PLoS ONE (Jan 2023)

Interrogating 1000 insect genomes for NUMTs: A risk assessment for estimates of species richness.

  • Paul D N Hebert,
  • Dan G Bock,
  • Sean W J Prosser

DOI
https://doi.org/10.1371/journal.pone.0286620
Journal volume & issue
Vol. 18, no. 6
p. e0286620

Abstract

Read online

The nuclear genomes of most animal species include NUMTs, segments of the mitogenome incorporated into their chromosomes. Although NUMT counts are known to vary greatly among species, there has been no comprehensive study of their frequency/attributes in the most diverse group of terrestrial organisms, insects. This study examines NUMTs derived from a 658 bp 5' segment of the cytochrome c oxidase I (COI) gene, the barcode region for the animal kingdom. This assessment is important because unrecognized NUMTs can elevate estimates of species richness obtained through DNA barcoding and derived approaches (eDNA, metabarcoding). This investigation detected nearly 10,000 COI NUMTs ≥ 100 bp in the genomes of 1,002 insect species (range = 0-443). Variation in nuclear genome size explained 56% of the mitogenome-wide variation in NUMT counts. Although insect orders with the largest genome sizes possessed the highest NUMT counts, there was considerable variation among their component lineages.

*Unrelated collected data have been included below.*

Lemma rprod_sub_fact k m : (m <= k)%nat ->
  rprod m (fun j => INR k - INR j) * INR (fact (k - m)) = INR (fact k).
Proof.
  induction m as [|m IH]; intros Hm; [rewrite rprod_0, Nat.sub_0_r; ring|].
  rewrite rprod_S, <- IH by lia.
  replace (k - m)%nat with (S (k - S m)) by lia. rewrite fact_simpl, mult_INR.
  replace (INR (S (k - S m))) with (INR k - INR m) by (rewrite <- minus_INR by lia; f_equal; lia).
  ring.
Qed.

Lemma C_rprod k m : (m <= k)%nat ->
  C k m = rprod m (fun j => (INR k - INR j) / (INR m - INR j)).
Proof.
  intros Hm. rewrite rprod_div. unfold C.
  rewrite <- (rprod_sub_fact k m Hm), <- (rprod_sub_fact m m (le_n m)), Nat.sub_diag.
  assert (Hm0 : rprod m (fun j => INR m - INR j) <> 0).
  { intros H0. pose proof (rprod_sub_fact m m (le_n m)) as Hf.
    rewrite H0, Rmult_0_l in Hf. apply (INR_fact_neq_0 m). lra. }
  pose proof (INR_fact_neq_0 (k - m)). simpl. field. auto.
Qed.

Lemma P_last m k : (m <= k)%nat -> P (S m) m k = C k m.
Proof.
  intros Hm. rewrite P_S, Nat.eqb_refl, Rmult_1_r, C_rprod by exact Hm.
  apply rprod_ext. intros j Hj. destruct (Nat.eqb_spec j m); [lia|reflexivity].
Qed.

Lemma solves_unit_init_beta n rho x k : (1 <= n)%nat -> 0 < rho ->
  solves n rho x -> unit_init n x -> (n - 1 <= k)%nat -> x k = beta n rho k.
Proof.
  intros Hn Hrho Hx Hu Hk. rewrite (solves_lagrange_sol n rho x Hn) by (auto || lra).
  unfold lagrange_sol, beta. rewrite (rsum_single n (n - 1)); [|lia|].
  - rewrite Hu, Nat.eqb_refl, powerRZ_sub_nat by lia.
    destruct n as [|m]; [lia|]. rewrite Nat.sub_succ, Nat.sub_0_r, P_last by lia.
    replace (k + 1 - S m)%nat with (k - m)%nat by lia. ring.
  - intros i Hi Hne. rewrite Hu by exact Hi.
    destruct (Nat.eqb_spec i (n - 1)); [lia|ring].
Qed.

Lemma nondecreasing_le (f : nat -> R) a b :
  (forall k, (a <= k)%nat -> (S k <= b)%nat -> f k <= f (S k)) ->
  forall k, (a <= k <= b)%nat -> f k <= f b.
Proof.
  intros Hinc k Hk. remember (b - k)%nat as d eqn:Hd. revert k Hk Hd.
  induction d as [|d IH]; intros k Hk Hd; [replace b with k by lia; lra|].
  eapply Rle_trans; [apply Hinc; lia|apply IH; lia].
Qed.

Lemma nonincreasing_le (f : nat -> R) a :
  (forall k, (a <= k)%nat -> f (S k) <= f k) -> forall k, (a <= k)%nat -> f k <= f a.
Proof.
  intros Hdec k Hk. induction k as [|k IH]; [replace a with 0%nat by lia; lra|].
  destruct (Nat.eq_dec a (S k)) as [->|Hne]; [lra|].
  eapply Rle_trans; [apply Hdec; lia|apply IH; lia].
Qed.

Section Beta.

Variables (m : nat) (rho : R).
Hypothesis Hrho : 0 < rho < 1.

Lemma beta_S k : (m <= k)%nat ->
  beta (S m) rho (S k) * (INR (S k) - INR m) = beta (S m) rho k * INR (S k) * rho.
Proof.
  intros Hk. unfold beta, C. rewrite Nat.sub_succ, Nat.sub_0_r.
  replace (S k + 1 - S m)%nat with (S (k - m)) by lia.
  replace (k + 1 - S m)%nat with (k - m)%nat by lia.
  replace (S k - m)%nat with (S (k - m)) by lia.
  rewrite !fact_simpl, !mult_INR.
  replace (INR (S (k - m))) with (INR (S k) - INR m) by (rewrite <- minus_INR by lia; f_equal; lia).
  assert (INR m < INR (S k)) by (apply lt_INR; lia).
  pose proof (INR_fact_neq_0 m). pose proof (INR_fact_neq_0 (k - m)).
  simpl pow. field. lra.
Qed.

Lemma beta_nonneg k : 0 <= beta (S m) rho k.
Proof.
  unfold beta, C. apply Rmult_le_pos; [|apply pow_le; lra].
  apply Rmult_le_pos; [apply pos_INR|].
  left. apply Rinv_0_lt_compat, Rmult_lt_0_compat; apply INR_fact_lt_0.
Qed.

Lemma beta_le_S k : (m <= k)%nat -> INR (S k) * (1 - rho) <= INR m ->
  beta (S m) rho k <= beta (S m) rho (S k).
Proof.
  intros Hk Hr. pose proof (beta_S k Hk). pose proof (beta_nonneg k).
  assert (INR m < INR (S k)) by (apply lt_INR; lia).
  apply (Rmult_le_reg_r (INR (S k) - INR m)); nra.
Qed.

Lemma beta_S_le k : (m <= k)%nat -> INR m <= INR (S k) * (1 - rho) ->
  beta (S m) rho (S k) <= beta (S m) rho k.
Proof.
  intros Hk Hr. pose proof (beta_S k Hk). pose proof (beta_nonneg k).
  assert (INR m < INR (S k)) by (apply lt_INR; lia).
  apply (Rmult_le_reg_r (INR (S k) - INR m)); nra.
Qed.

(* The ratio beta_{k+1}/beta_k = (k+1) rho / (k+1-m) is >= 1 exactly when k+1 <= m/(1-rho). *)
Lemma beta_argmax (K := Z.to_nat (Int_part (INR m / (1 - rho)))) :
  (m <= K)%nat /\ forall k, (m <= k)%nat -> beta (S m) rho k <= beta (S m) rho K.
Proof.
  set (r := INR m / (1 - rho)).
  assert (Hr : r * (1 - rho) = INR m) by (unfold r; field; lra).
  assert (HK : INR K <= r < INR K + 1).
  { destruct (base_Int_part r) as [H1 H2].
    assert (0 <= r) by (unfold r; apply Rmult_le_pos; [apply pos_INR|left; apply Rinv_0_lt_compat; lra]).
    assert (Hz : (0 <= Int_part r)%Z) by (cut (-1 < Int_part r)%Z; [lia|apply lt_IZR; lra]).
    unfold K. rewrite INR_IZR_INZ, Znat.Z2Nat.id by exact Hz. fold r. lra. }
  assert (HmK : (m <= K)%nat).
  { apply Nat.lt_succ_r, INR_lt. rewrite S_INR. pose proof (pos_INR m). nra. }
  split; [exact HmK|]. intros k Hk.
  destruct (Nat.le_gt_cases k K) as [HkK|HkK].
  - apply (nondecreasing_le _ m); [|lia]. intros j Hj HjK.
    apply beta_le_S; [exact Hj|]. apply le_INR in HjK. nra.
  - apply (nonincreasing_le _ K); [|lia]. intros j Hj.
    apply beta_S_le; [lia|]. apply le_INR in Hj. rewrite S_INR. nra.
Qed.
(* For every planar forest $F$, $\Delta(F)=\sum_{c\in \mathrm{Adm}^l(F)}P^c(F)\otimes R^c(F)+F\otimes 1+1\otimes F$.
   Context: Planar rooted trees have their children linearly ordered left to right; a planar forest is a finite, possibly empty, sequence of planar rooted trees ($1$ = empty forest); $\mathcal{H}$ is the free associative unital algebra over a field $K$ on planar rooted trees, with basis the planar forests and product concatenation. $B^+(F)$ is the tree obtained by grafting the trees of the forest $F$ (in order) on a new common root; $\varepsilon(F)=\delta_{F,1}$. $\Delta:\mathcal{H}\to\mathcal{H}\otimes\mathcal{H}$ is the unique linear map with $\Delta(1)=1\otimes1$, $\Delta(xy)=(x\otimes1)\Delta(y)+\Delta(x)(1\otimes y)-x\otimes y$ and $\Delta(B^+(x))=B^+(x)\otimes 1+(\mathrm{Id}\otimes B^+)\Delta(x)$ for all $x,y\in\mathcal{H}$. Orders on the vertices of a nonempty forest $F=t_1\cdots t_n$: $s\geq_{high}s'$ iff $s'=s$ or $s'$ is an ancestor of $s$. If $s,s'$ are incomparable for $\geq_{high}$, then $s\geq_{left}s'$ iff either $s\in t_i$, $s'\in t_j$ with $i<j$, or $s,s'$ lie in the same $t_i$ and $s\geq_{left}s'$ in the forest obtained from $t_i$ by deleting its root (recursive definition). $s\geq_{h,l}s'$ iff $s\geq_{high}s'$ or $s\geq_{left}s'$; this is a total order. Admissible cuts: add to each tree of $F$ an imaginary edge below its root. An admissible cut $c$ is a nonempty set of edges (real edges or imaginary root-edges) such that every path from the base of a tree to a leaf contains at most one edge of $c$, and which is not the total cut (consisting of all root-edges). $P^c(F)$ is the planar forest formed by the vertices lying above an edge of $c$ (i.e. whose path to the base contains an edge of $c$), and $R^c(F)$ the planar forest formed by the remaining vertices, with induced edges and left-right orders. Writing the vertices of $F$ as $s_1\geq_{h,l}\cdots\geq_{h,l}s_n$, an admissible cut $c$ is left-admissible if there is $k$ such that the vertices of $P^c(F)$ are exactly $s_1,\dots,s_k$; $\mathrm{Adm}^l(F)$ is the set of left-admissible cuts. *)

From HB Require Import structures.
From mathcomp Require Import all_boot all_algebra.
Set Implicit Arguments. Unset Strict Implicit. Unset Printing Implicit Defensive.
Import GRing.Theory.
(* Let $q$ be a prime power, $k\ge 1$, $d\ge1$, and write $d=\sigma q^{k-1}-\sum_{i=0}^{k-2}\varepsilon_i q^i$ with $\sigma$ an integer and $0\le \varepsilon_i\le q-1$. Let $C$ be a linear $[n,k,d]_q$ code with $n=g_q(k,d)$. Then for every $1\le r\le k$, \[ d_r(C)=v_r\Bigl(\sigma q^{k-r}-\sum_{i=r}^{k-1}\varepsilon_{i-1}q^{i-r}\Bigr)-\sum_{i=1}^{r-1}\varepsilon_{i-1}v_i, \] and $C$ attains the Griesmer bound for the $r$th generalized Hamming weight, i.e. $n=g_q^{(r)}(k,d_r(C))$.
   Context: $v_j=(q^j-1)/(q-1)$. An $[n,k,d]_q$ code is a $k$-dimensional subspace of $\mathbb{F}_q^n$ with minimum Hamming distance $d$. $g_q(k,d)=\sum_{i=0}^{k-1}\lceil d/q^i\rceil$ (the Griesmer bound). For a subcode $C'\le C$, its support is the set of coordinates in which some codeword of $C'$ is nonzero; the $r$th generalized Hamming weight $d_r(C)$ is the minimum support size of an $r$-dimensional subcode of $C$. For $1\le r\le k$, $g_q^{(r)}(k,d)=d+\sum_{i=1}^{k-r}\lceil d/(q^iv_r)\rceil$. *)

From HB Require Import structures.
From mathcomp Require Import all_boot all_order all_algebra all_field.
Set Implicit Arguments. Unset Strict Implicit. Unset Printing Implicit Defensive.
Import Order.TTheory GRing.Theory Num.Theory.

Local Open Scope ring_scope.

(* Linear codes of length n over a finite field F are subspaces
   C : {vspace 'rV[F]_n}; q = #|F|. *)

Definition wt (F : finFieldType) (n : nat) (v : 'rV[F]_n) : nat :=
  #|[set j : 'I_n | v 0 j != 0]|.

Definition supp (F : finFieldType) (n : nat) (D : {vspace 'rV[F]_n}) : {set 'I_n} :=
  [set j : 'I_n | [exists v : 'rV[F]_n, (v \in D) && (v 0 j != 0)]].

Definition is_min_dist (F : finFieldType) (n : nat) (C : {vspace 'rV[F]_n}) (d : nat) : Prop :=
  (exists2 c : 'rV[F]_n, (c \in C) && (c != 0) & wt c = d) /\
  (forall c : 'rV[F]_n, c \in C -> c != 0 -> (d <= wt c)%N).

Definition is_ghw (F : finFieldType) (n : nat) (C : {vspace 'rV[F]_n}) (r w : nat) : Prop :=
  (exists D : {vspace 'rV[F]_n}, [/\ (D <= C)%VS, \dim D = r & #|supp D| = w]) /\
  (forall D : {vspace 'rV[F]_n}, (D <= C)%VS -> \dim D = r -> (w <= #|supp D|)%N).

Definition vq (q j : nat) : nat := ((q ^ j - 1) %/ (q - 1))%N.

Definition ceil_div (a b : nat) : nat := ((a + b - 1) %/ b)%N.

Definition griesmer (q k d : nat) : nat := (\sum_(i < k) ceil_div d (q ^ i))%N.

Definition griesmer_r (q k r d : nat) : nat :=
  (d + \sum_(1 <= i < (k - r).+1) ceil_div d (q ^ i * vq q r))%N.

Two thirds of COI NUMTs possessed an IPSC (indel and/or premature stop codon) allowing their recognition and exclusion from downstream analyses. The remainder can elevate species richness as they showed 10.1% mean divergence from their mitochondrial homologue. The extent of exposure to "ghost species" is strongly impacted by the target amplicon's length. NUMTs can raise apparent species richness by up to 22% when a 658 bp COI amplicon is examined versus a doubling of apparent richness when 150 bp amplicons are targeted. Given these impacts, metabarcoding and eDNA studies should target the longest possible amplicons while also avoiding use of 12S/16S rDNA as they triple NUMT exposure because IPSC screens cannot be employed.